A Backstepping-Based Nonlinear Controller for Glucose-Insulin System Dynamics in Type-1 Diabetes Patients

Abstract

This paper investigates the function of the artificial pancreas, which is devised based on a dynamical backstepping approach. The Bergman's minimal model, used to describe the glucose-insulin system, has been extended to encompass the dynamics of the insulin pump and external disturbances to closely simulate real-world scenarios. Three techniques, namely feedback linearization, conventional backstepping, and super-twisting sliding-mode control, are evaluated in comparison to dynamical backstepping in the context of regulating blood glucose levels in individuals with type-1 diabetes. In order to enhance the comparison of the controllers, we have taken into account the measurement noise and faults in the insulin pump as well.
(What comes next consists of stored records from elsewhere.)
(* For every set $A$, the lattice of all clones on $A$ (ordered by inclusion) is isomorphic to the lattice of all subalgebras of the full block algebra on $A$.
   Context: Finitary operations on $A$ include nullary ones (elements of $A$). A clone on $A$ is a set of finitary operations on $A$ that contains all projections $p^{(n)}_i(a_1,\dots,a_n)=a_i$, is closed under composition (if $f$ is $n$-ary and $g_1,\dots,g_n$ are $k$-ary in the set, $k\ge0$, then $\mathbf a\mapsto f(g_1(\mathbf a),\dots,g_n(\mathbf a))$ on $A^k$ is in the set) and under restriction (if an $n$-ary $f$, $n\ge1$, does not depend on its last argument, then the $(n-1)$-ary $g(a_1,\dots,a_{n-1})=f(a_1,\dots,a_{n-1},b)$ is in the set). Let $\omega=\{1,2,\dots\}$. The top extension of $f:A^n\to A$ is $f^\top:A^\omega\to A$, $f^\top(s)=f(s_1,\dots,s_n)$. The full block algebra on $A$ is the algebra with universe $\{f^\top: f\text{ a finitary operation on }A\}$, nullary operations $\mathsf e_i(s)=s_i$ ($i\ge 1$) and $(n+1)$-ary operations $q_n(\varphi,\psi_1,\dots,\psi_n)(s)=\varphi(s[\psi_1(s),\dots,\psi_n(s)])$ ($n\ge0$), where $s[b_1,\dots,b_n]$ replaces the first $n$ entries of $s$ by $b_1,\dots,b_n$. *)

From mathcomp Require Import all_boot.
Set Implicit Arguments. Unset Strict Implicit. Unset Printing Implicit Defensive.

(* A finitary operation on A: an arity n together with f : A^n -> A,
   where A^n is represented as 'I_n -> A.  Arity 0 = nullary operations. *)
Definition op (A : Type) := {n : nat & ('I_n -> A) -> A}.

Definition mkop (A : Type) (n : nat) (f : ('I_n -> A) -> A) : op A :=
  existT (fun m => ('I_m -> A) -> A) n f.

Definition snoc (A : Type) (n : nat) (a : 'I_n -> A) (b : A) : 'I_n.+1 -> A :=
  fun i => match (insub (val i) : option 'I_n) with
           | Some j => a j
           | None => b
           end.

Definition is_clone (A : Type) (C : op A -> Prop) : Prop :=
  (forall (n : nat) (i : 'I_n), C (@mkop A n (fun a => a i))) /\
  (forall (n k : nat) (f : ('I_n -> A) -> A) (g : 'I_n -> ('I_k -> A) -> A),
      C (mkop f) -> (forall i, C (mkop (g i))) ->
      C (@mkop A k (fun a => f (fun i => g i a)))) /\
  (forall (n : nat) (f : ('I_n.+1 -> A) -> A),
      C (mkop f) ->
      (forall a b b', f (snoc a b) = f (snoc a b')) ->
      forall g : ('I_n -> A) -> A,
        (forall a b, g a = f (snoc a b)) -> C (mkop g)).

(* Infinite sequences s = (s_1, s_2, ...) are modelled as nat -> A,
   with s_{i+1} stored at index i. *)
Definition top (A : Type) (n : nat) (f : ('I_n -> A) -> A) : (nat -> A) -> A :=
  fun s => f (fun i => s (val i)).

Definition block_univ (A : Type) (phi : (nat -> A) -> A) : Prop :=
  exists (n : nat) (f : ('I_n -> A) -> A), phi = top f.

(* nullary operations e_{i+1} *)
Definition blk_e (A : Type) (i : nat) : (nat -> A) -> A := fun s => s i.

Definition seq_upd (A : Type) (n : nat) (s : nat -> A) (b : 'I_n -> A) : nat -> A :=
  fun k => match (insub k : option 'I_n) with
           | Some j => b j
           | None => s k
           end.

Definition blk_q (A : Type) (n : nat) (phi : (nat -> A) -> A)
    (psi : 'I_n -> (nat -> A) -> A) : (nat -> A) -> A :=
  fun s => phi (seq_upd s (fun i => psi i s)).

Definition is_block_subalgebra (A : Type) (S : ((nat -> A) -> A) -> Prop) : Prop :=
  (forall phi, S phi -> block_univ phi) /\
  (forall i, S (@blk_e A i)) /\
  (forall (n : nat) phi (psi : 'I_n -> (nat -> A) -> A),
      S phi -> (forall i, S (psi i)) -> S (blk_q phi psi)).

Definition subset_of (T : Type) (X Y : T -> Prop) : Prop := forall x, X x -> Y x.

From mathcomp Require Import all_boot.
From Stdlib Require Import FunctionalExtensionality PropExtensionality IndefiniteDescription.

Set Implicit Arguments. Unset Strict Implicit. Unset Printing Implicit Defensive.

(* The isomorphism is C |-> {f^T : f in C}.  Top extension only forgets
   dummy trailing arguments, and a clone is closed under adding them
   (composition with projections) and removing them (restriction), so
   f \in C iff f^T \in C^T; this makes the map an order embedding.  Under
   top extension projections become the e_i and composition becomes q_n, so
   C^T is a subalgebra, and a subalgebra S is the image of the clone
   {f | f^T \in S}. *)

Section BlockAlgebra.
Variable A : Type.

Definition widen_op n m (H : n <= m) (f : ('I_n -> A) -> A) : ('I_m -> A) -> A :=
  fun b => f (fun i => b (widen_ord H i)).

Lemma widen_op_id n (H : n <= n) (f : ('I_n -> A) -> A) : widen_op H f = f.
Proof.
apply: functional_extensionality => b; rewrite /widen_op; congr f.
by apply: functional_extensionality => i; congr b; apply: val_inj.
Qed.

Lemma mkop_projT2 (x : op A) : mkop (projT2 x) = x.
Proof. by case: x. Qed.

Lemma snoc_val k (a : 'I_k -> A) b (x : 'I_k.+1) (j : 'I_k) :
  val x = val j -> snoc a b x = a j.
Proof.
rewrite /snoc => xj; case: insubP => [j' _ j'x | ]; last by rewrite xj ltn_ord.
by congr a; apply: val_inj; rewrite j'x xj.
Qed.

Lemma snoc_prefix (s : nat -> A) k :
  snoc (fun i : 'I_k => s (val i)) (s k) = fun i => s (val i).
Proof.
apply: functional_extensionality => x; rewrite /snoc; case: insubP => [j _ -> // | ].
rewrite -leqNgt => kx; suff -> : val x = k by [].
by apply/eqP; rewrite eqn_leq kx -ltnS ltn_ord.
Qed.

Lemma top_widen_op n m (H : n <= m) (f : ('I_n -> A) -> A) : top (widen_op H f) = top f.
Proof. by []. Qed.

Lemma top_seq_upd n (f : ('I_n -> A) -> A) s a : top f (seq_upd s a) = f a.
Proof.
rewrite /top /seq_upd; congr f.
by apply: functional_extensionality => i; rewrite valK.
Qed.

Lemma top_inj n : injective (@top A n).
Proof.
move=> f g fg; apply: functional_extensionality => a.
by rewrite -(top_seq_upd f (fun=> f a)) fg top_seq_upd.
Qed.

Lemma top_comp n k (f : ('I_n -> A) -> A) (g : 'I_n -> ('I_k -> A) -> A) :
  top (fun a => f (fun i => g i a)) = blk_q (top f) (fun i => top (g i)).
Proof. by apply: functional_extensionality => s; rewrite /blk_q top_seq_upd. Qed.

Lemma blk_q_top N n (f : ('I_N -> A) -> A) (g : 'I_n -> ('I_N -> A) -> A) :
  blk_q (top f) (fun i => top (g i)) =
  top (fun a => f (fun j => if (insub (val j) : option 'I_n) is Some i then g i a else a j)).
Proof. by []. Qed.

Section Clone.
Variable C : op A -> Prop.
Hypothesis C_clone : is_clone C.

Lemma clone_proj n (i : 'I_n) : C (mkop (fun a => a i)).
Proof. by case: C_clone. Qed.

Lemma clone_comp n k (f : ('I_n -> A) -> A) (g : 'I_n -> ('I_k -> A) -> A) :
  C (mkop f) -> (forall i, C (mkop (g i))) -> C (mkop (fun a => f (fun i => g i a))).
Proof. by case: C_clone => _ [comp _]; apply: comp. Qed.

Lemma clone_restr n (f : ('I_n.+1 -> A) -> A) (g : ('I_n -> A) -> A) :
  C (mkop f) -> (forall a b, g a = f (snoc a b)) -> C (mkop g).
Proof.
case: C_clone => _ [_ restr] Cf fg.
by apply: (restr _ f Cf _ g fg) => a b b'; rewrite -!fg.
Qed.

Lemma clone_widen n m (H : n <= m) (f : ('I_n -> A) -> A) :
  C (mkop f) -> C (mkop (widen_op H f)).
Proof.
move=> Cf; apply: (clone_comp (g := fun i b => b (widen_ord H i))) Cf _ => i.
exact: clone_proj.
Qed.

Lemma clone_widenK n m (H : n <= m) (f : ('I_n -> A) -> A) :
  C (mkop (widen_op H f)) -> C (mkop f).
Proof.
have [d md] : exists d, m = d + n by exists (m - n); rewrite subnK.
subst m; elim: d H => [|d IH] H Cf; first by rewrite widen_op_id in Cf.
apply: (IH (leq_addl d n)); apply: clone_restr Cf _ => a b.
rewrite /widen_op; congr f; apply: functional_extensionality => i.
by apply/esym/snoc_val.
Qed.

Lemma clone_top_eq n m (f : ('I_n -> A) -> A) (g : ('I_m -> A) -> A) :
  top f = top g -> C (mkop g) -> C (mkop f).
Proof.
move=> fg Cg; apply: (clone_widenK (H := leq_maxl n m)).
have -> : widen_op (leq_maxl n m) f = widen_op (leq_maxr n m) g.
  by apply: top_inj; rewrite !top_widen_op.
exact: clone_widen.
Qed.

End Clone.

Definition tops (C : op A -> Prop) : ((nat -> A) -> A) -> Prop :=
  fun phi => exists n (f : ('I_n -> A) -> A), C (mkop f) /\ phi = top f.

Definition untop (S : ((nat -> A) -> A) -> Prop) : op A -> Prop :=
  fun o => S (top (projT2 o)).

Lemma tops_common_arity C n k (psi : 'I_n -> (nat -> A) -> A) :
  is_clone C -> (forall i, tops C (psi i)) ->
  exists N (g : 'I_n -> ('I_N -> A) -> A),
    [/\ k <= N, forall i, C (mkop (g i)) & psi = fun i => top (g i)].
Proof.
move=> C_clone Cpsi.
have [X CX] : exists X : 'I_n -> op A, forall i, C (X i) /\ psi i = top (projT2 (X i)).
  apply: (functional_choice (fun i (x : op A) => C x /\ psi i = top (projT2 x))) => i.
  by have [m [g [Cg ->]]] := Cpsi i; exists (mkop g).
pose N := maxn k (\max_(i < n) projT1 (X i)).
have leXN i : projT1 (X i) <= N by rewrite leq_max (leq_bigmax i) orbT.
exists N, (fun i => widen_op (leXN i) (projT2 (X i))); split => [|i|].
- exact: leq_maxl.
- by apply: (clone_widen C_clone); rewrite mkop_projT2; case: (CX i).
- by apply: functional_extensionality => i; rewrite top_widen_op; case: (CX i).
Qed.

Lemma tops_subalgebra C : is_clone C -> is_block_subalgebra (tops C).
Proof.
move=> C_clone; split; first by move=> _ [n [f [_ ->]]]; exists n, f.
split; first by move=> i; exists i.+1, (fun a => a ord_max); split; first exact: clone_proj.
move=> n _ psi [k [f [Cf ->]]] /(tops_common_arity k C_clone) [N [g [leN Cg ->]]].
rewrite -(top_widen_op leN f) blk_q_top; do 2 eexists; split; last by [].
apply: (clone_comp C_clone) => [|j]; first exact: clone_widen.
by case: insub => [i|]; [exact: Cg | exact: clone_proj].
Qed.

Lemma tops_subsetP (C1 C2 : op A -> Prop) :
  is_clone C2 -> subset_of C1 C2 <-> subset_of (tops C1) (tops C2).
Proof.
move=> C2_clone; split => [sub _ [n [f [C1f ->]]] | sub [n f] C1f].
  by exists n, f; split => //; apply: sub.
have [m [g [C2g fg]]] : tops C2 (top f) by apply: sub; exists n, f.
exact: clone_top_eq fg C2g.
Qed.

Lemma untop_clone S : is_block_subalgebra S -> is_clone (untop S).
Proof.
case=> _ [Se Sq]; split; first by move=> n i; exact: (Se (val i)).
split => [n k f g Sf Sg | n f Sf _ g fg]; first by rewrite /untop /= top_comp; exact: Sq.
rewrite /untop /=; suff -> : top g = top f by [].
by apply: functional_extensionality => s; rewrite /top (fg _ (s n)) snoc_prefix.
Qed.

Lemma tops_untop S : (forall phi, S phi -> block_univ phi) -> tops (untop S) = S.
Proof.
move=> S_univ; apply: functional_extensionality => phi.
apply: propositional_extensionality; split; first by case=> n [f [Sf ->]].
by move=> /[dup] /S_univ [n [f ->]] Sf; exists n, f.
Qed.

End BlockAlgebra.

Theorem corollary6p17 (A : Type) :
  exists F : (op A -> Prop) -> (((nat -> A) -> A) -> Prop),
    (forall C, is_clone C -> is_block_subalgebra (F C)) /\
    (forall C1 C2, is_clone C1 -> is_clone C2 ->
       (subset_of C1 C2 <-> subset_of (F C1) (F C2))) /\
    (forall S, is_block_subalgebra S -> exists C, is_clone C /\ F C = S).
Proof.
exists (@tops A); split; first exact: tops_subalgebra.
split; first by move=> C1 C2 _; exact: tops_subsetP.
move=> S S_sub; exists (untop S); split; first exact: untop_clone.
by apply: tops_untop; case: S_sub.
Qed.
Additionally, Monte-Carlo analysis is utilized as a practical tool to experimentally evaluate the robustness of the nonlinear controllers against measurement errors and variations in model parameters for different individuals, as would be encountered in a clinical trial. The extensive numerical simulations confirm that the dynamical backstepping method closely emulates the functionality of the natural pancreas and surpasses the super-twisting sliding-mode control method, the feedback linearization method, and the conventional backstepping method when faced with measurement noise, insulin pump faults, and parameter variations.